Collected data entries

+ + + + + + +

Lemma bmap_in2 : comp (bmap X Y a b) (bin2 X) = comp (bin2 Y) b.
Proof. by rewrite /bmap; bsimp. Qed.

Lemma bpr2_bmap : comp (bpr2 Y) (bmap X Y a b) = comp b (bpr2 X).
Proof. by rewrite /bmap; bsimp. Qed.

Lemma bmap_flip : bmap (bflip X) (bflip Y) b a = bmap X Y a b.
Proof. by rewrite /bmap /= addrC. Qed.

Lemma bmap_comp (E F : N) (Z : biprod_on E F) (c : Hom C E) (e : Hom D F) :
  comp (bmap Y Z c e) (bmap X Y a b) = bmap X Z (comp c a) (comp e b).
Proof. by rewrite /bmap; bsimp. Qed.

End BiproductMap.

Definition bswap (A : N) (X : biprod_on A A) : Hom (bsum X) (bsum X) :=
  comp (bin1 X) (bpr2 X) + comp (bin2 X) (bpr1 X).

Lemma bswap_invol (A : N) (X : biprod_on A A) : is_involution (bswap X).
Proof. by rewrite /is_involution /bswap; bsimp; rewrite bin_pr_sum. Qed.

Lemma bswap_bmap (A C : N) (X : biprod_on A A) (Y : biprod_on C C) (a b : Hom A C) :
  comp (bswap Y) (bmap X Y a b) = comp (bmap X Y b a) (bswap X).
Proof. by rewrite /bswap /bmap; bsimp. Qed.

Definition adm_mono (A B : N) (i : Hom A B) : Prop := exists X (p : Hom B X), Ex i p.

Lemma Ex_idm_ker_zero (D B : N) (i : Hom D B) : Ex i (idm B) -> is_zero D.
Proof.
move=> /Ex_kercoker [[hi hu] _]; rewrite comp1m in hi.
have U := hu D 0 (compm0 _ _).
by apply: (exists_unique_eq U); rewrite ?compm1 ?compm0.
Qed.

(* Axiom E2 provides one pushout along which i' is admissible; any other
   pushout is isomorphic to it. *)
Lemma adm_mono_pushout (A B A' B' : N) (i : Hom A B) (f : Hom A A')
  (i' : Hom A' B') (f' : Hom B B') :
  adm_mono i -> is_pushout i f i' f' -> adm_mono i'.
Proof.
move=> hi [hc hu].
have [B'' [i'' [f'' [[hc'' hu''] [X [p hp]]]]]] := Ex_E2 f hi.
have [w [[w1 w2] _]] := hu'' B' f' i' hc.
have [w' [[w1' w2'] _]] := hu B'' f'' i'' hc''.
have ww' : comp w' w = idm B''.
  by apply: (exists_unique_eq (hu'' B'' f'' i'' hc'')); rewrite ?comp1m -?compA
    ?w1 ?w2 ?w1' ?w2'.
have w'w : comp w w' = idm B'.
  by apply: (exists_unique_eq (hu B' f' i' hc)); rewrite ?comp1m -?compA
    ?w1 ?w2 ?w1' ?w2'.
exists X, (comp p w').
apply: (Ex_iso (a := idm A') (b := w) (c := idm X) hp); try exact: iso_idm.
- by exists w'.
- by rewrite w2 compm1.
- by rewrite comp1m -compA ww' compm1.
Qed.

Lemma Ex_coker (A B D D' : N) (j : Hom A B) (r : Hom B D) (q : Hom B D') :
  Ex j r -> is_cokernel j q -> Ex j q.
Proof.
move=> hr [hq hu].
have [_ [hr0 hru]] := Ex_kercoker hr.
have [c [hc _]] := hru D' q hq.
have [c' [hc' _]] := hu D r hr0.
have c'c : comp c' c = idm D.
  by apply: (exists_unique_eq (hru D r hr0)); rewrite ?comp1m // -compA hc hc'.
have cc' : comp c c' = idm D'.
  by apply: (exists_unique_eq (hu D' q hq)); rewrite ?comp1m // -compA hc' hc.
apply: (Ex_iso (a := idm A) (b := idm B) (c := c) hr); try exact: iso_idm.
- by exists c'.
- by rewrite comp1m compm1.
- by rewrite hc compm1.
Qed.

Lemma bsum_pushout_zero (A B Z : N) (X : biprod_on A B) (i : Hom Z B) :
  is_zero Z -> is_pushout i (0 : Hom Z A) (bin1 X) (bin2 X).
Proof.
move=> hZ; split; first by rewrite (hom_from_zero i hZ) !compm0.
move=> Y u v _; exists (comp v (bpr1 X) + comp u (bpr2 X)); split; first by split; bsimp.
by move=> w [h1 h2]; apply: bsum_hom_ext; bsimp; rewrite ?h1 ?h2.
Qed.

Lemma Ex_split (A B : N) (X : biprod_on A B) : Ex (bin1 X) (bpr2 X).
Proof.
have [Z [i hi]] := Ex_E0op B.
have [Y [p hp]] : adm_mono (bin1 X).
  apply: (adm_mono_pushout _ (bsum_pushout_zero X i (Ex_idm_ker_zero hi))).
  by exists B, (idm B).
apply: (Ex_coker hp); split; first exact: bpr2_in1.
move=> Y' g hg; exists (comp g (bin2 X)); split.
  by apply: bsum_hom_ext; bsimp; rewrite ?hg.
by move=> h <-; bsimp.
Qed.

Lemma bmap_idm_pushout (A B C : N) (i : Hom A B) (SA : biprod_on A C) (SB : biprod_on B C) :
  is_pushout i (bin1 SA) (bmap SA SB i (idm C)) (bin1 SB).
Proof.
split; first by rewrite bmap_in1.
move=> X u v huv.
exists (comp u (bpr1 SB) + comp (comp v (bin2 SA)) (bpr2 SB)); split.
  by split; [bsimp | apply: bsum_hom_ext; rewrite /bmap; bsimp; rewrite ?huv].
move=> w [h1 h2]; apply: bsum_hom_ext; bsimp; first by rewrite h1.
by rewrite -h2 /bmap; bsimp.
Qed.

(* The direct sum of two conflations is the composite of i (+) 1 and 1 (+) i',
   both pushouts of admissible monomorphisms. *)
Lemma Ex_bmap (A B D A' B' D' : N) (i : Hom A B) (p : Hom B D) (i' : Hom A' B')
  (p' : Hom B' D') (SA : biprod_on A A') (SB : biprod_on B B') (SD : biprod_on D D') :
  Ex i p -> Ex i' p' -> Ex (bmap SA SB i i') (bmap SB SD p p').
Proof.
move=> hp hp'.
pose M := chosen_biprod B A'.
have h1 : adm_mono (bmap SA M i (idm A')).
  by apply: (adm_mono_pushout _ (bmap_idm_pushout i SA M)); exists D, p.
have h2 : adm_mono (bmap M SB (idm B) i').
  rewrite -bmap_flip; apply: (adm_mono_pushout _ (bmap_idm_pushout i' (bflip M) (bflip SB))).
  by exists D', p'.
have [X [r hr]] := Ex_E1 h1 h2.
rewrite bmap_comp comp1m compm1 in hr.
have [[hpi _] [_ hpu]] := Ex_kercoker hp.
have [[hpi' _] [_ hpu']] := Ex_kercoker hp'.
apply: (Ex_coker hr); split; first by rewrite bmap_comp hpi hpi' /bmap; bsimp.
move=> Y g hg.
have hg1 : comp (comp g (bin1 SB)) i = 0.
  by rewrite -compA -(bmap_in1 SA SB i i') compA hg comp0m.
have hg2 : comp (comp g (bin2 SB)) i' = 0.
  by rewrite -compA -(bmap_in2 SA SB i i') compA hg comp0m.
have [k1 [ek1 U1]] := hpu Y _ hg1.
have [k2 [ek2 U2]] := hpu' Y _ hg2.
exists (comp k1 (bpr1 SD) + comp k2 (bpr2 SD)); split.
  by apply: bsum_hom_ext; rewrite /bmap; bsimp; rewrite ?ek1 ?ek2.
move=> h hh; apply: bsum_hom_ext; bsimp.
  by apply: U1; rewrite -hh /bmap; bsimp.
by apply: U2; rewrite -hh /bmap; bsimp.
Qed.

Definition dsum_obj (G H : nat -> N) (n : nat) : N := bsum (chosen_biprod (G n) (H n)).

Definition dsum_diff (G H : nat -> N) (a : diffs G) (b : diffs H) : diffs (dsum_obj G H) :=
  fun n => bmap _ _ (a n) (b n).

Definition gcx_dsum (X Y : gcx N) : gcx N :=
  Gcx (dsum_diff (dtop X) (dtop Y)) (dsum_diff (dbot X) (dbot Y)).

Lemma acyclic_dsum (G H : nat -> N) (a : diffs G) (b : diffs H) :
  acyclic a -> acyclic b -> acyclic (dsum_diff a b).
Proof.
move=> [J [e [m [hJ0 hd hEx]]]] [J' [e' [m' [hJ0' hd' hEx']]]].
pose JJ n := chosen_biprod (J n) (J' n).
exists (fun n => bsum (JJ n)), (fun n => bmap _ (JJ n) (e n) (e' n)),
  (fun n => bmap (JJ n.+1) _ (m n) (m' n)).
split=> [|n|n]; first exact: bsum_zero.
- by rewrite /dsum_diff bmap_comp -hd -hd'.
- exact: Ex_bmap.
Qed.

Lemma supported_on_dsum (k : nat) (G H : nat -> N) :
  supported_on k G -> supported_on k H -> supported_on k (dsum_obj G H).
Proof. by move=> hG hH n hn; apply: bsum_zero; [apply: hG | apply: hH]. Qed.

Lemma bac_dsum (k : nat) (X Y : gcx N) : bac k X -> bac k Y -> bac k (gcx_dsum X Y).
Proof.
case=> hsX htX hbX [hsY htY hbY].
by split; [apply: supported_on_dsum | apply: acyclic_dsum ..].
Qed.

Lemma B1_hom_dsum (V : zmodType) (k : nat) (f : gcx N -> V) (X Y : gcx N) :
  B1_hom k f -> bac k X -> bac k Y -> f (gcx_dsum X Y) = f X + f Y.
Proof.
move=> hf hX hY; pose S n := chosen_biprod (gobj X n) (gobj Y n).
apply: (hf X (gcx_dsum X Y) Y (fun n => bin1 (S n)) (fun n => bpr2 (S n)) hX (bac_dsum hX hY) hY).
- by split=> n; rewrite /= /dsum_diff bmap_in1.
- by split=> n; rewrite /= /dsum_diff bpr2_bmap.
- by move=> n; apply: Ex_split.
Qed.

Lemma L1_hom_swap_top (V : zmodType) (k : nat) (f : gcx N -> V) (G : nat -> N)
  (a b : diffs G) (c c' : diffs (dsum_obj G G)) :
  L1_hom k f -> supported_on k G ->
  acyclic a -> acyclic b -> acyclic c -> acyclic c' ->
  f (Gcx (dsum_diff b a) c) - f (Gcx (dsum_diff a b) c) =
  f (Gcx (dsum_diff b a) c') - f (Gcx (dsum_diff a b) c').
Proof.
move=> [_ hL] hG ha hb hc hc'.
have hS := supported_on_dsum hG hG.
have hab := acyclic_dsum ha hb; have hba := acyclic_dsum hb ha.
have swap_chain : is_chain (dsum_diff a b) (dsum_diff b a) (fun n => bswap _).
  by move=> n; rewrite /dsum_diff bswap_bmap.
have idm_invol n : is_involution (idm (dsum_obj G G n)) by rewrite /is_involution comp1m.
have idm_chain (e : diffs (dsum_obj G G)) : is_chain e e (fun n => idm _).
  by move=> n; rewrite comp1m compm1.
rewrite (hL _ _ _ _ _ _ _ (And3 hS hab hc) (And3 hS hba hc) (fun n => bswap_invol _)
  idm_invol swap_chain (idm_chain c)).
by rewrite (hL _ _ _ _ _ _ _ (And3 hS hab hc') (And3 hS hba hc') (fun n => bswap_invol _)
  idm_invol swap_chain (idm_chain c')).
Qed.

+ + + + + + +

Work required. Reading through the records above, report each line in which the string "admissible" is found.

Solution to the problem.
(* Axiom E2 provides one pushout along which i' is admissible; any other
   both pushouts of admissible monomorphisms. *)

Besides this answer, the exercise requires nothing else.